● **TASK STATEMENT**
Each line at or after the one containing "Lemma eventually_pos : Rbar_locally" should be transcribed exactly, up to and including the final line of the data.

● **DATA FOR THIS EXERCISE**
Lemma Ftb_estimate :
  Rabs (Ftb h beta lam - exp (- beta * L) * lam / (lam - 1) ^ 2)
    <= beta * W * exp (- beta * m) / (lam - 1) + INR (length l) * (INR K * exp (- beta * hc)).
Proof.
  assert (Dec : is_series
                  (fun k => INR (S k) * / lam ^ S k * (exp (- beta * h (S k)) - exp (- beta * L)))
                  (Ftb h beta lam - exp (- beta * L) * lam / (lam - 1) ^ 2)).
  { apply (is_series_ext_R (fun k => INR (S k) * / lam ^ S k * exp (- beta * h (S k))
                                     - exp (- beta * L) * (INR (S k) * / lam ^ S k))); [intros; ring|].
    apply is_series_minus_R; [apply is_series_Ftb; auto|].
    replace (exp (- beta * L) * lam / (lam - 1) ^ 2) with (exp (- beta * L) * (lam / (lam - 1) ^ 2))
      by (unfold Rdiv; ring).
    apply is_series_scal_R, is_series_n_inv_pow, Hl. }
  rewrite <- (is_series_unique _ _ Dec). apply (Series_abs_le _ _ _ Ftb_term_bound).
  apply is_series_plus_R.
  - replace (beta * W * exp (- beta * m) / (lam - 1))
      with (/ (lam - 1) * (beta * exp (- beta * m)) * W) by (unfold Rdiv; ring).
    apply is_series_scal_R, HW.
  - rewrite <- fold_right_const. apply (is_series_on_list l (fun _ => INR K * exp (- beta * hc))); auto.
    intros k Hk. apply Hres, Hk.
Qed.

End LevelEstimates.

(** * Asymptotics as [beta -> +oo] *)

Lemma eventually_pos : Rbar_locally p_infty (fun b => 0 < b).
Proof. exists 0. auto. Qed.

● **TASK RESPONSE**
Lemma eventually_pos : Rbar_locally p_infty (fun b => 0 < b).
Proof. exists 0. auto. Qed.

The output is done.